Распрощавшись с этим античным героем, я и в кончины Сенеки и Сократа вникать не стал. Никакой властитель не приказывал брату выпить бокал цикуты, и ни в каком заговоре он, сколько мне известно, замешан не был. К тому же, он сразу прибег к яду, в отличие от Сенеки, – тот сперва вскрыл себе вены на руках, потом на ногах – все это в присутствии супруги, тоже готовой покончить с собой, – прежде чем решился улечься в горячую ванну, где, наконец, и испустил дух. Судьба не свела брата со злодеем и безумцем, тем паче такого пошиба, как Нерон, который послал бы его на добровольную смерть, никто не вручал ему высочайшего декрета, повелевающего адресату в точно назначенный день расстаться с жизнью.

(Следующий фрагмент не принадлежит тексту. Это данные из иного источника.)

(* Let $\mathcal H_A,\mathcal H_B$ be finite-dimensional complex Hilbert spaces and let $\rho$ be a separable density matrix on $\mathcal H_A\otimes\mathcal H_B$. Let $\rho^{T_B}=(\mathbf 1_A\otimes T)\rho$ be its partial transpose, where $T$ is transposition in a chosen basis of $\mathcal H_B$. If $\mathcal R(\rho)\neq\mathcal R(\rho^{T_B})$, then either $\mathcal L_{\mathcal E}(\rho)>\mathcal R(\rho)$ or $\mathcal L_{\mathcal E}(\rho^{T_B})>\mathcal R(\rho^{T_B})$.
   Context: A density matrix is a positive semidefinite operator of trace one. $\rho$ is separable if it can be written as $\rho=\sum_i p_i\,|\psi_i\rangle\langle\psi_i|\otimes|\phi_i\rangle\langle\phi_i|$ with $p_i>0$ and unit vectors $\psi_i\in\mathcal H_A,\phi_i\in\mathcal H_B$ (a separable decomposition). $\mathcal R(\rho)$ denotes the rank of $\rho$. For a separable $\rho$, the optimal ensemble cardinality $\mathcal L_{\mathcal E}(\rho)$ is the least number $k$ of distinct pure product states $|\psi_i\rangle|\phi_i\rangle$ needed in a separable decomposition of $\rho$. (For separable $\rho$, $\rho^{T_B}$ is again a separable density matrix.) *)

(* Complex scalars: an arbitrary numClosedFieldType C
   (covers C = R[i], the complex numbers). *)
From HB Require Import structures.
From mathcomp Require Import all_boot all_order all_algebra.
From mathcomp Require Import boolp.
Set Implicit Arguments. Unset Strict Implicit. Unset Printing Implicit Defensive.
Import Order.TTheory GRing.Theory Num.Theory.
Local Open Scope ring_scope.

Section QDefs.
Variable C : numClosedFieldType.

Definition adjmx m n (A : 'M[C]_(m, n)) : 'M[C]_(n, m) :=
  map_mx (@Num.conj C) A^T.

Definition psd n (A : 'M[C]_n) : Prop :=
  adjmx A = A /\ forall v : 'cV[C]_n, 0 <= (adjmx v *m A *m v) 0 0.

Definition density n (A : 'M[C]_n) : Prop := psd A /\ \tr A = 1.

Definition unit_vec n (v : 'cV[C]_n) : Prop := (adjmx v *m v) 0 0 = 1.

Definition proj n (v : 'cV[C]_n) : 'M[C]_n := v *m adjmx v.

(* H_A (x) H_B is C^(dA*dB); basis vector (a,b) has index mxvec_index a b *)
Definition tidx dA dB (k : 'I_(dA * dB)) : 'I_dA * 'I_dB :=
  enum_val (cast_ord (esym (mxvec_cast dA dB)) k).

Definition opkron dA dB (X : 'M[C]_dA) (Y : 'M[C]_dB) : 'M[C]_(dA * dB) :=
  \matrix_(k, l) (X (tidx k).1 (tidx l).1 * Y (tidx k).2 (tidx l).2).

(* partial transpose on B, in the standard basis of H_B *)
Definition ptransB dA dB (rho : 'M[C]_(dA * dB)) : 'M[C]_(dA * dB) :=
  \matrix_(k, l) rho (mxvec_index (tidx k).1 (tidx l).2)
                     (mxvec_index (tidx l).1 (tidx k).2).

Definition sep_decomp dA dB (rho : 'M[C]_(dA * dB)) (k : nat) : Prop :=
  exists (p : 'I_k -> C) (psi : 'I_k -> 'cV[C]_dA) (phi : 'I_k -> 'cV[C]_dB),
    [/\ forall i, 0 < p i,
        forall i, unit_vec (psi i) /\ unit_vec (phi i),
        forall i j, i != j ->
          opkron (proj (psi i)) (proj (phi i)) != opkron (proj (psi j)) (proj (phi j))
      & rho = \sum_(i < k) p i *: opkron (proj (psi i)) (proj (phi i))].

Definition separable dA dB (rho : 'M[C]_(dA * dB)) : Prop :=
  density rho /\ exists k, sep_decomp rho k.

(* optimal ensemble cardinality L_E(rho): least k admitting a separable
   decomposition with k distinct pure product states (0 if none exists) *)
Definition LE dA dB (rho : 'M[C]_(dA * dB)) : nat :=
  match pselect (exists k, `[< sep_decomp rho k >]) with
  | left h => ex_minn h
  | right _ => 0%N
  end.

End QDefs.

(* A separable decomposition with k pure product states writes rho as a sum of
   k rank-one operators, so rank rho <= k.  Partially transposing each term
   replaces phi_i by its complex conjugate, which turns a decomposition of rho
   with k distinct product states into one of rho^{T_B} with k distinct
   product states.  Hence rank rho^{T_B} <= L(rho) and, since the partial
   transpose is an involution, rank rho <= L(rho^{T_B}).  If both L(rho) <=
   rank rho and L(rho^{T_B}) <= rank rho^{T_B}, the two ranks would be equal. *)
From mathcomp Require Import all_boot all_order all_algebra.
From mathcomp Require Import boolp.
Set Implicit Arguments. Unset Strict Implicit. Unset Printing Implicit Defensive.
Import Order.TTheory GRing.Theory Num.Theory.
Local Open Scope ring_scope.

Lemma mxrank_sum_le (F : fieldType) m n (I : Type) (r : seq I) (P : pred I)
    (M : I -> 'M[F]_(m, n)) :
  (\rank (\sum_(i <- r | P i) M i)%R <= \sum_(i <- r | P i) \rank (M i))%N.
Proof.
apply: (big_ind2 (fun (A : 'M_(m, n)) k => \rank A <= k)%N) => //.
- by rewrite mxrank0.
- by move=> A a B b rA rB; apply: leq_trans (mxrank_add A B) (leq_add rA rB).
Qed.

Section ConjugateVector.
Variables (C : numClosedFieldType) (n : nat).

Definition conjv (v : 'cV[C]_n) : 'cV[C]_n := map_mx (@Num.conj C) v.

Lemma tr_proj (v : 'cV[C]_n) : (proj v)^T = proj (conjv v).
Proof.
apply/matrixP=> i j; rewrite !mxE; apply: eq_bigr => l _.
by rewrite !mxE conjCK mulrC.
Qed.

Lemma unit_vec_conjv (v : 'cV[C]_n) : unit_vec v -> unit_vec (conjv v).
Proof.
rewrite /unit_vec !mxE => <-; apply: eq_bigr => l _.
by rewrite !mxE conjCK mulrC.
Qed.

End ConjugateVector.

Section PartialTranspose.
Variables (C : numClosedFieldType) (dA dB : nat).

Lemma tidx_index (a : 'I_dA) (b : 'I_dB) : tidx (mxvec_index a b) = (a, b).
Proof. by rewrite /tidx /mxvec_index cast_ordK enum_rankK. Qed.

Lemma index_tidx (k : 'I_(dA * dB)) : mxvec_index (tidx k).1 (tidx k).2 = k.
Proof. by rewrite /tidx /mxvec_index -surjective_pairing enum_valK cast_ordKV. Qed.

Lemma ptransBK : involutive (@ptransB C dA dB).
Proof. by move=> M; apply/matrixP=> k l; rewrite !mxE !tidx_index /= !index_tidx. Qed.

Lemma ptransB_opkron (X : 'M[C]_dA) (Y : 'M[C]_dB) :
  ptransB (opkron X Y) = opkron X Y^T.
Proof. by apply/matrixP=> k l; rewrite !mxE !tidx_index. Qed.

Lemma ptransB_sum (I : Type) (r : seq I) (P : pred I) (p : I -> C)
    (M : I -> 'M[C]_(dA * dB)) :
  ptransB (\sum_(i <- r | P i) p i *: M i) = \sum_(i <- r | P i) p i *: ptransB (M i).
Proof.
apply/matrixP=> k l; rewrite mxE !summxE; apply: eq_bigr => i _.
by rewrite !mxE.
Qed.

Lemma opkron_outer (u : 'cV[C]_dA) (x : 'rV[C]_dA) (w : 'cV[C]_dB) (z : 'rV[C]_dB) :
  opkron (u *m x) (w *m z) =
  (\col_k (u (tidx k).1 0 * w (tidx k).2 0)) *m (\row_l (x 0 (tidx l).1 * z 0 (tidx l).2)).
Proof. by apply/matrixP=> k l; rewrite !mxE !big_ord1 !mxE mulrACA. Qed.

Lemma rank_opkron_proj (u : 'cV[C]_dA) (w : 'cV[C]_dB) :
  (\rank (opkron (proj u) (proj w)) <= 1)%N.
Proof. by rewrite /proj opkron_outer; apply: leq_trans (mxrankM_maxl _ _) (rank_leq_col _). Qed.

Lemma sep_decomp_rank (rho : 'M[C]_(dA * dB)) k :
  sep_decomp rho k -> (\rank rho <= k)%N.
Proof.
case=> p [psi [phi [_ _ _ ->]]].
apply: leq_trans (mxrank_sum_le _ _ _) _.
rewrite -[k in (_ <= k)%N]card_ord -sum1_card.
apply: leq_sum => i _.
exact: leq_trans (mxrank_scale _ _) (rank_opkron_proj _ _).
Qed.

Lemma sep_decomp_ptransB (rho : 'M[C]_(dA * dB)) k :
  sep_decomp rho k -> sep_decomp (ptransB rho) k.
Proof.
case=> p [psi [phi [p_gt0 unit_psi_phi distinct ->]]].
exists p, psi, (fun i => conjv (phi i)); split=> //.
- by move=> i; have [? ?] := unit_psi_phi i; split; last exact: unit_vec_conjv.
- move=> i j /distinct; apply: contra => /eqP E; apply/eqP.
  by apply: (can_inj ptransBK); rewrite !ptransB_opkron !tr_proj.
- by rewrite ptransB_sum; apply: eq_bigr => i _; rewrite ptransB_opkron tr_proj.
Qed.

Lemma sep_decomp_LE (rho : 'M[C]_(dA * dB)) k :
  sep_decomp rho k -> sep_decomp rho (LE rho).
Proof.
move=> rho_k; rewrite /LE; case: pselect => [h|[]]; last by exists k; apply/asboolP.
by case: ex_minnP => m /asboolP.
Qed.

Lemma rank_ptransB_le_LE (rho : 'M[C]_(dA * dB)) k :
  sep_decomp rho k -> (\rank (ptransB rho) <= LE rho)%N.
Proof. by move=> /sep_decomp_LE /sep_decomp_ptransB /sep_decomp_rank. Qed.

End PartialTranspose.

Theorem theorem1 (C : numClosedFieldType) (dA dB : nat)
    (rho : 'M[C]_(dA * dB)) :
  separable rho ->
  \rank rho <> \rank (ptransB rho) ->
  (\rank rho < LE rho)%N \/ (\rank (ptransB rho) < LE (ptransB rho))%N.
Proof.
case=> _ [k rho_k] rank_neq.
have rankT_le := rank_ptransB_le_LE rho_k.
have := rank_ptransB_le_LE (sep_decomp_ptransB rho_k); rewrite ptransBK => rank_le.
case: (ltnP (\rank rho) (LE rho)) => [|LE_le]; first by left.
case: (ltnP (\rank (ptransB rho)) (LE (ptransB rho))) => [|LET_le]; first by right.
case: rank_neq; apply/eqP; rewrite eqn_leq.
by rewrite (leq_trans rank_le LET_le) (leq_trans rankT_le LE_le).
Qed.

Не в такие мы живем времена, хоть иногда, в особо мрачные минуты, я и негодовал на наше государство, которое столь мало сделало, чтобы уберечь брата от гибельного шага. Однако я быстро одумался, поняв, сколь несправедливы мои попытки найти виновников его смерти, к тому же, если я верно понял рассуждения на сей счет философов, попытки эти принижают само его деяние, единственное, по утверждениям тех же философов, истинно свободное деяние, на какое способен человек. В конце концов, именно способность к самоубийству отличает человека от животного, ибо животное цепляется за жизнь при любых условиях, в самых мучительных и унизительных для себя обстоятельствах, какими бы ужасными они ни были. Другое дело человек, как вычитал я, он один способен сделать выбор между жизнью и смертью, определить целесообразность продолжения своего существования и принять соответствующее решение. Вот что я вычитал, одобрительно кивая над каждой фразой, ибо и для меня, современного человека, ничего нет выше, чем свобода воли.

Я захлопнул книгу, не чувствуя, однако, ни утешения, ни покоя: великий и мужественный акт свободной воли применительно к судьбе брата отдавал позерством и пошлостью, малодушной попыткой принарядить поражение в тогу геройства.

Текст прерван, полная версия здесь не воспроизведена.